Students Report Missing Items and Complicated Move-In Process

Students on both campuses claim they no longer trust the Residential Life Office

photo of a fordham dorm room for an article about missing items

COURTESY OF ANONYMOUS STUDENT

An anonymous Rose Hill student didn’t notice their eyeshadow palettes were missing until they finished unpacking after they got home. They asked ResLife to check in their dorm, and the palettes weren’t there.

By CHLOE ZELCH

Rose Hill and Lincoln Center students have reported items missing from their dorm rooms upon returning to campus from winter break and when moving out last May. Attempts to locate the missing items through Residential Life (ResLife) have not been successful, leaving students frustrated.

Elena Morales, Fordham College at Lincoln Center (FCLC) ’23, created a post in the Reddit thread r/Fordham titled “Welp. Literally of my stuff is gone now” on Feb. 1. It was reposted on the @letstalkaboutitfordham Instagram page. 

Students left comments in the Reddit thread and on the Instagram post echoing similar situations, with several incidents occurring last March when students were sent home when in-person classes were suspended.

Morales moved back into her dorm room in McMahon Hall on Jan. 30 after leaving at the end of the fall semester to discover that cooking supplies, bedding and clothing were all missing. She filed a report with her Resident Assistant (RA) and ResLife and was told to make a list of everything missing and its approximate cost. Morales is hoping for compensation.

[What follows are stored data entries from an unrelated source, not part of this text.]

(* Let $q$ be a prime power, $r\mid(q-1)$ with $r\ge3$, $q/2\le \ell\le q-1$, and $s\mid (q-1)/r$. The folded quantum Tamo–Barg code with parameters $q,r,\ell,s$ is a quantum locally recoverable code with locality $r$.
   Context: $[n]=\{0,\dots,n-1\}$, $\mathbb{F}_q^*=\mathbb{F}_q\setminus\{0\}$. For $S\subseteq\mathbb{Z}_{\ge0}$, $\mathbb{F}_q[X]^S=\{\sum_{i\in S}a_iX^i\}$, $\mathrm{ev}(f)=(f(x))_{x\in\mathbb{F}_q^*}$. Let $S=\{i\in[\ell]:i\not\equiv r-1\pmod r\}\cup\{i\in[q-1]:i\equiv1\pmod r\}$, $C=\mathrm{ev}(\mathbb{F}_q[X]^S)$; for $\ell\ge q/2$, $C^\perp\subseteq C$ and the quantum Tamo–Barg code is $\mathrm{CSS}(C,C)=\mathrm{span}\{\sum_{y\in C^\perp}|x+y\rangle:x\in C\}\subseteq(\mathbb{C}^q)^{\otimes(q-1)}$, qudits indexed by $\mathbb{F}_q^*$. Folding: fix a generator $\omega$ of $\mathbb{F}_q^*$ and for $i\in[(q-1)/s]$ group the $s$ qudits at positions $\{\omega^{si},\omega^{si+1},\dots,\omega^{si+s-1}\}$ into a single qudit of local dimension $q^s$; the resulting code of block length $(q-1)/s$ is the folded quantum Tamo–Barg code. A quantum code on qudit set $Q$ is locally recoverable with locality $r$ if for each $i\in Q$ there is $I_i\subseteq Q$ with $i\in I_i$, $|I_i|\le r$, and a quantum channel $\mathrm{Rec}_i$ from qudits $I_i\setminus\{i\}$ to qudits $I_i$ with $(\mathrm{Rec}_i\otimes\mathrm{id})(\psi_{Q\setminus\{i\}})=\psi$ for every code state $\psi$. *)

From mathcomp Require Import all_boot all_order all_algebra all_field.
Set Implicit Arguments. Unset Strict Implicit. Unset Printing Implicit Defensive.
Import Order.TTheory GRing.Theory Num.Theory.
Local Open Scope ring_scope.

(* Qudit positions Q (finite), each qudit has local basis indexed by F    *)
(* (local dimension |F| = q).  Computational basis states of the whole    *)
(* system are words x : Q -> F; vectors / operators have entries in a    *)
(* numeric closed field Cf (e.g. the complex numbers).                   *)
Section Qudits.
Variables (F : finFieldType) (Q : finType) (Cf : numClosedFieldType).

Definition word := {ffun Q -> F}.
Definition qvec := word -> Cf.
Definition qop := word -> word -> Cf.

(* x is a basis configuration of the subsystem S (zero outside S). *)
Definition onS (S : {set Q}) (x : word) : bool :=
  [forall j, (j \notin S) ==> (x j == 0)].

Definition glue (S : {set Q}) (x y : word) : word :=
  [ffun j => if j \in S then x j else y j].

Definition restr (S : {set Q}) (x : word) : word := glue S x [ffun=> 0].

(* partial trace over the qudits in B: the result is an operator on the
   qudits in ~: B (its value does not depend on the B-entries of x, y). *)
Definition ptrace (B : {set Q}) (rho : qop) : qop :=
  fun x y => \sum_(z : word | onS B z) rho (glue B z x) (glue B z y).

(* Kraus operators K k : (qudits A) -> (qudits E), K k u a with u on E, a on A;
   trace preservation: sum_k K_k^dagger K_k = id on the qudits A. *)
Definition kraus_tp (A E : {set Q}) (n : nat) (K : 'I_n -> qop) : Prop :=
  forall a a', onS A a -> onS A a' ->
    \sum_(k < n) \sum_(u : word | onS E u) (K k u a)^* * K k u a'
      = (a == a')%:R.

(* (Rec tensor id)(sigma), where Rec has Kraus operators K from qudits A to
   qudits E, sigma is an operator on qudits (~: B) with A \subset ~: B,
   and id acts on the remaining qudits ~: E. *)
Definition apply_rec_id (A E : {set Q}) (n : nat) (K : 'I_n -> qop)
    (sigma : qop) : qop :=
  fun x x' => \sum_(k < n) \sum_(a : word | onS A a) \sum_(a' : word | onS A a')
     K k (restr E x) a * sigma (glue A a x) (glue A a' x') * (K k (restr E x') a')^*.

Definition density (rho : qop) : Prop :=
  [/\ forall x y, rho y x = (rho x y)^*,
      forall v : qvec, 0 <= \sum_x \sum_y (v x)^* * rho x y * v y
    & \sum_x rho x x = 1].

Definition dual (Ccl : {set word}) : {set word} :=
  [set y : word | [forall c in Ccl, \sum_j c j * y j == 0]].

Definition inCSS (C1 C2 : {set word}) (v : qvec) : Prop :=
  exists alpha : word -> Cf, forall w,
    v w = \sum_(x in C1) alpha x * \sum_(y in dual C2) (w == x + y)%:R.

Definition code_state (code : qvec -> Prop) (rho : qop) : Prop :=
  density rho /\ forall y, code (fun x => rho x y).

End Qudits.

Section TamoBarg.
Variables (F : finFieldType) (r l : nat).

Definition Fstar := {x : F | x != 0}.

Definition TB_S (i : nat) : bool :=
  (((i < l) && (i %% r != r.-1)) || ((i < #|F|.-1) && (i %% r == 1)))%N.

(* C = ev(F_q[X]^S); since S \subset [q-1] a polynomial in F_q[X]^S is
   sum_{i < q-1, i in S} a_i X^i. *)
Definition TB_code : {set word F Fstar} :=
  [set c : word F Fstar | [exists a : {ffun 'I_(#|F|.-1) -> F},
      [forall i : 'I_(#|F|.-1), (~~ TB_S i) ==> (a i == 0)] &&
      (c == [ffun p : Fstar => \sum_(i < #|F|.-1) a i * (val p) ^+ i])]].

Definition quantumTB (Cf : numClosedFieldType) : qvec F Fstar Cf -> Prop :=
  inCSS TB_code TB_code.

Definition fold_region (w : F) (s : nat) (I : {set 'I_(#|F|.-1 %/ s)}) : {set Fstar} :=
  [set p : Fstar | [exists i in I, exists t : 'I_s, val p == w ^+ (s * i + t)%N]].

Arguments fold_region w s I : clear implicits.

Definition folded_TB_QLRC (Cf : numClosedFieldType) (w : F) (s : nat) : Prop :=
  forall i : 'I_(#|F|.-1 %/ s), exists I : {set 'I_(#|F|.-1 %/ s)},
    [/\ i \in I, (#|I| <= r)%N &
      exists (n : nat) (K : 'I_n -> qop F Fstar Cf),
        kraus_tp (fold_region w s (I :\ i)) (fold_region w s I) K /\
        forall rho, code_state (@quantumTB Cf) rho ->
          forall x x', apply_rec_id (fold_region w s (I :\ i)) (fold_region w s I) K
                         (ptrace (fold_region w s [set i]) rho) x x' = rho x x'].
End TamoBarg.

From mathcomp Require Import all_boot all_order all_algebra all_field.
From mathcomp Require Import ring zify.
Set Implicit Arguments. Unset Strict Implicit. Unset Printing Implicit Defensive.
Import Order.TTheory GRing.Theory Num.Theory.
Local Open Scope ring_scope.

(* Erasing a folded qudit erases the positions B = {w^e : e / s = i}.  For
   b in B the evaluation h_b of X * sum_k (X / b)^(r k) lies in C and in
   C^perp: its exponents are 1 mod r while those of C are not -1 mod r, so all
   power sums over F_q^* in <c, h_b> vanish.  It equals m p at the p with
   p^r = b^r (m = (q-1)/r) and 0 elsewhere, so it is supported on the r
   folded qudits congruent to i modulo m/s, and on B it is a nonzero multiple
   of the indicator of b.  A code state is invariant under translations by
   C^perp and vanishes on words with a nonzero syndrome <x, h_b>, so the
   erased symbols are determined by the syndrome of the remaining symbols.
   The recovery channel sums, over all guesses k of the erased symbols, the
   map that corrects the accessible symbols towards k by adding an element of
   span {h_b}; only the guess with zero syndrome survives. *)

(** * Arithmetic *)

Lemma sum_nat_condE (T : finType) (P R : pred T) :
  (\sum_(t | P t) R t)%N = #|[set t | P t & R t]|.
Proof. by rewrite -sum1dep_card big_mkcondr; apply: eq_bigr => t _; case: (R t). Qed.

Lemma sum_mod_eq1 (V : nmodType) (G : nat -> V) n m r : (1 < r)%N -> n = (m * r)%N ->
  \sum_(j < n) (if (j %% r == 1)%N then G j else 0) = \sum_(k < m) G (k * r).+1.
Proof.
move=> r_gt1 ->.
rewrite -(big_mkord xpredT (fun j => if (j %% r == 1)%N then G j else 0)).
rewrite big_nat_mul big_mkord; apply: eq_bigr => k _.
rewrite mulSn -{1}[(k * r)%N]add0n big_addn addnK big_mkord (bigD1 (Ordinal r_gt1)) //=.
rewrite big1 ?addr0 => [|i /eqP ni]; first by rewrite addnC modnMDl modn_small // eqxx addn1.
by rewrite addnC modnMDl modn_small //; case: eqP => // i1; case: ni; apply: val_inj.
Qed.

Lemma eqn_modMr e f m r : (0 < r)%N ->
  (e * r == f * r %[mod m * r])%N = (e == f %[mod m])%N.
Proof. by move=> r_gt0; rewrite -!muln_modl eqn_pmul2r. Qed.

Lemma modn_add_neq0 r i j : (1 < r)%N -> (i %% r != r.-1)%N -> (j %% r == 1)%N ->
  ~~ (r %| i + j)%N.
Proof.
move=> r_gt1 ir /eqP jr; rewrite /dvdn -modnDm jr addn1 modn_small //.
by have := ltn_pmod i (ltnW r_gt1); move: ir; set x := (i %% r)%N; lia.
Qed.

Lemma ltn_mul_add s M i t : (i < M)%N -> (t < s)%N -> (s * i + t < M * s)%N.
Proof. by move=> iM ts; nia. Qed.

Lemma card_finField_natr (F : finFieldType) : (#|F|%:R : F) = 0.
Proof.
have : \sum_(x : F) x + 0 = \sum_(x : F) x + #|F|%:R.
  by rewrite addr0 {1}(reindex_inj (addIr 1)) big_split /= sumr_const.
by move/addrI.
Qed.

Lemma natr_dvdn_card_pred_neq0 (F : finFieldType) d :
  (d %| #|F|.-1)%N -> (d%:R : F) != 0.
Proof.
case/dvdnP=> e NE; apply: contra_neq (@oner_neq0 F) => d0.
have : (#|F|.-1.+1%:R : F) = 0.
  by rewrite prednK ?card_finField_natr // (ltn_trans _ (finNzRing_gt1 F)).
by rewrite mulrSr NE natrM d0 mulr0 add0r.
Qed.

Lemma expf_card_pred (F : finFieldType) (x : F) : x != 0 -> x ^+ #|F|.-1 = 1.
Proof.
move=> x0; apply: (mulIf x0); rewrite mul1r -exprSr prednK ?expf_card //.
exact: ltn_trans (finNzRing_gt1 F).
Qed.

Lemma sum_expr_unity (R : idomainType) (z : R) n : z ^+ n = 1 ->
  \sum_(k < n) z ^+ k = if z == 1 then n%:R else 0.
Proof.
move=> zn; case: eqP => [-> | /eqP z1].
  by rewrite (eq_bigr (fun _ => 1)) ?sumr_const ?card_ord // => k _; rewrite expr1n.
apply/eqP; move: (subrX1 z n); rewrite zn subrr => /esym/eqP.
by rewrite mulf_eq0 subr_eq0 (negbTE z1).
Qed.

(** * Words and CSS code states *)

Section Words.
Variables (F : finFieldType) (Q : finType).
Implicit Types (S : {set Q}) (x y z : word F Q).

Lemma wordDE x y j : (x + y) j = x j + y j.
Proof. by rewrite ffunE. Qed.

Lemma wordBE x y j : (x - y) j = x j - y j.
Proof. by rewrite !ffunE. Qed.

Definition wdot x y : F := \sum_j x j * y j.

Lemma wdotC x y : wdot x y = wdot y x.
Proof. by apply: eq_bigr => j _; rewrite mulrC. Qed.

Lemma wdotDl x y z : wdot (x + y) z = wdot x z + wdot y z.
Proof. by rewrite /wdot -big_split; apply: eq_bigr => j _; rewrite ffunE mulrDl. Qed.

Lemma wdotNl x y : wdot (- x) y = - wdot x y.
Proof. by rewrite /wdot -sumrN; apply: eq_bigr => j _; rewrite ffunE mulNr. Qed.

Lemma wdot_sumr x (I : {set Q}) (lam : Q -> F) (g : Q -> word F Q) :
  wdot x [ffun j => \sum_(b in I) lam b * g b j] = \sum_(b in I) lam b * wdot x (g b).
Proof.
rewrite /wdot; under eq_bigr do rewrite ffunE mulr_sumr.
rewrite exchange_big; apply: eq_bigr => b _; rewrite mulr_sumr.
by apply: eq_bigr => j _; rewrite mulrCA.
Qed.

Lemma onS_out S x j : onS S x -> j \notin S -> x j = 0.
Proof. by move=> /forallP /(_ j) /implyP xS jS; apply/eqP; apply: xS. Qed.

Lemma onS_restr S x : onS S (restr S x).
Proof. by apply/forallP => j; apply/implyP => jS; rewrite !ffunE (negbTE jS). Qed.

Lemma onS0 S : onS S (0 : word F Q).
Proof. by apply/forallP => j; apply/implyP => _; rewrite ffunE. Qed.

Lemma glueE S x y j : glue S x y j = if j \in S then x j else y j.
Proof. by rewrite ffunE. Qed.

Lemma restrE S x j : restr S x j = if j \in S then x j else 0.
Proof. by rewrite glueE ffunE. Qed.

Lemma onS_eqP S x y : onS S x -> onS S y ->
  reflect (forall j, j \in S -> x j = y j) (x == y).
Proof.
move=> xS yS; apply: (iffP eqP) => [-> // | exy]; apply/ffunP => j.
by case: (boolP (j \in S)) => [/exy // | jS]; rewrite !(onS_out _ jS).
Qed.

Lemma wdot_onS S x y b : onS S x -> b \in S ->
  (forall j, j \in S -> j != b -> y j = 0) -> wdot x y = x b * y b.
Proof.
move=> xS bS yS; rewrite /wdot (bigD1 b) //= big1 ?addr0 // => j /= jb.
case: (boolP (j \in S)) => jS; first by rewrite yS ?mulr0.
by rewrite (onS_out xS jS) mul0r.
Qed.

Variable C : {set word F Q}.

Lemma dual_wdot c y : c \in C -> y \in dual C -> wdot c y = 0.
Proof. by move=> cC; rewrite inE => /forall_inP /(_ c cC) /eqP. Qed.

Lemma dual_sumr (I : {set Q}) (lam : Q -> F) (g : Q -> word F Q) :
  (forall b, b \in I -> g b \in dual C) ->
  [ffun j => \sum_(b in I) lam b * g b j] \in dual C.
Proof.
move=> gD; rewrite inE; apply/forall_inP => c cC; apply/eqP.
rewrite [X in X = _](wdot_sumr c I lam g) big1 // => b bI.
by rewrite (dual_wdot cC (gD b bI)) mulr0.
Qed.

Lemma dualD y d : y \in dual C -> d \in dual C -> y + d \in dual C.
Proof.
move=> yD dD; rewrite inE; apply/forall_inP => c cC; apply/eqP.
rewrite [X in X = _](wdotC c (y + d)) wdotDl -!(wdotC c).
by rewrite !(dual_wdot cC) ?addr0.
Qed.

Lemma dualN y : y \in dual C -> - y \in dual C.
Proof.
move=> yD; rewrite inE; apply/forall_inP => c cC; apply/eqP.
by rewrite [X in X = _](wdotC c (- y)) wdotNl wdotC (dual_wdot cC yD) oppr0.
Qed.

Lemma dualDr y d : d \in dual C -> (y + d \in dual C) = (y \in dual C).
Proof.
move=> dD; apply/idP/idP => [yd|]; last by move/dualD; apply.
by rewrite -(addrK d y); apply: dualD; last exact: dualN.
Qed.

End Words.

Section CSSCodeStates.
Variables (F : finFieldType) (Q : finType) (Cf : numClosedFieldType).
Variable C : {set word F Q}.
Implicit Types (v : qvec F Q Cf) (rho : qop F Q Cf) (x y d g : word F Q).

Lemma inCSS_dualE v : inCSS C C v ->
  exists alpha : word F Q -> Cf,
    forall x, v x = \sum_(c in C) alpha c * (x - c \in dual C)%:R.
Proof.
case=> alpha vE; exists alpha => x; rewrite vE; apply: eq_bigr => c _.
congr (_ * _); case: (boolP (x - c \in dual C)) => xcD.
  rewrite (bigD1 (x - c)) //= (addrC c) subrK eqxx big1 ?addr0 // => y /andP[_ yxc].
  by rewrite (addrC c) -subr_eq eq_sym (negbTE yxc).
rewrite big1 // => y yD; case: eqP => // xE; move: xcD.
by rewrite xE addrC addKr yD.
Qed.

Lemma inCSS_translate v x d : inCSS C C v -> d \in dual C -> v (x + d) = v x.
Proof.
move=> /inCSS_dualE[alpha vE] dD; rewrite !vE; apply: eq_bigr => c _.
by rewrite addrAC (dualDr _ dD).
Qed.

Lemma inCSS_syndrome v x g : inCSS C C v -> g \in C -> g \in dual C ->
  wdot x g != 0 -> v x = 0.
Proof.
move=> /inCSS_dualE[alpha vE] gC gD xg; rewrite vE big1 // => c cC.
case: (boolP (x - c \in dual C)) => [xcD | _]; last by rewrite mulr0.
suff: wdot x g = 0 by move/eqP; rewrite (negbTE xg).
by rewrite -(subrK c x) wdotDl wdotC (dual_wdot gC xcD) (dual_wdot cC gD) addr0.
Qed.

“I don’t feel comfortable leaving anything in my dorm anymore. I mean, how could you get rid of someone’s personal belongings and not give them warning? I had to buy all of my stuff again.” Elena Morales, FCLC ’23

Another McMahon resident, Duncan Taylor, FCLC ’22, reported lost AirPods, which he left on his desk in his dorm room in March before leaving campus. When he returned for the scheduled move-out in May, they were gone. 

I asked my roommates if they had seen them or taken them by accident and nobody had done so,” Taylor said. “Since it was already May and move out when I found them missing, there wasn’t really anybody I could reach out to about them missing because I had no idea where they would’ve gone or who I could’ve even talked to about it.”

An anonymous Rose Hill senior also reported missing two eyeshadow palettes from their dorm room in Finlay Hall last March. After contacting ResLife, the senior said they felt dismissed by ResLife and never located the missing makeup. 

Beatriz Barraclough-Tan, Fordham College at Rose Hill ’21, reported that she almost lost access to her dorm room. Barraclough-Tan was on a seven-hour drive to New York City when she called ResLife to confirm they had all of the coronavirus testing information necessary for her to move in.

After trying to locate her in the system for 20 minutes, Barraclough-Tan was informed that ResLife had received an Intent to Vacate form, which would indicate that she did not intend to return to her dorm room for the spring 2021 semester — except she had never filled one out. 

I don’t know why they had one, but thank god they were able to put me back into the apartment I was supposed to be in, since I was three hours away from the city with all my stuff,” Barraclough-Tan said. 

These mixups have caused some students to distrust ResLife. “I don’t feel comfortable leaving anything in my dorm anymore. I mean, how could you get rid of someone’s personal belongings and not give them warning? I had to buy all of my stuff again,” said Morales. “The fact that I’m not the only person who had this problem tells me ResLife is very disorganized with this sort of thing and there’s nothing preventing it from happening again.”

Neither the Office of Residential Life at Rose Hill nor at Lincoln Center responded to The Observer’s request for comment.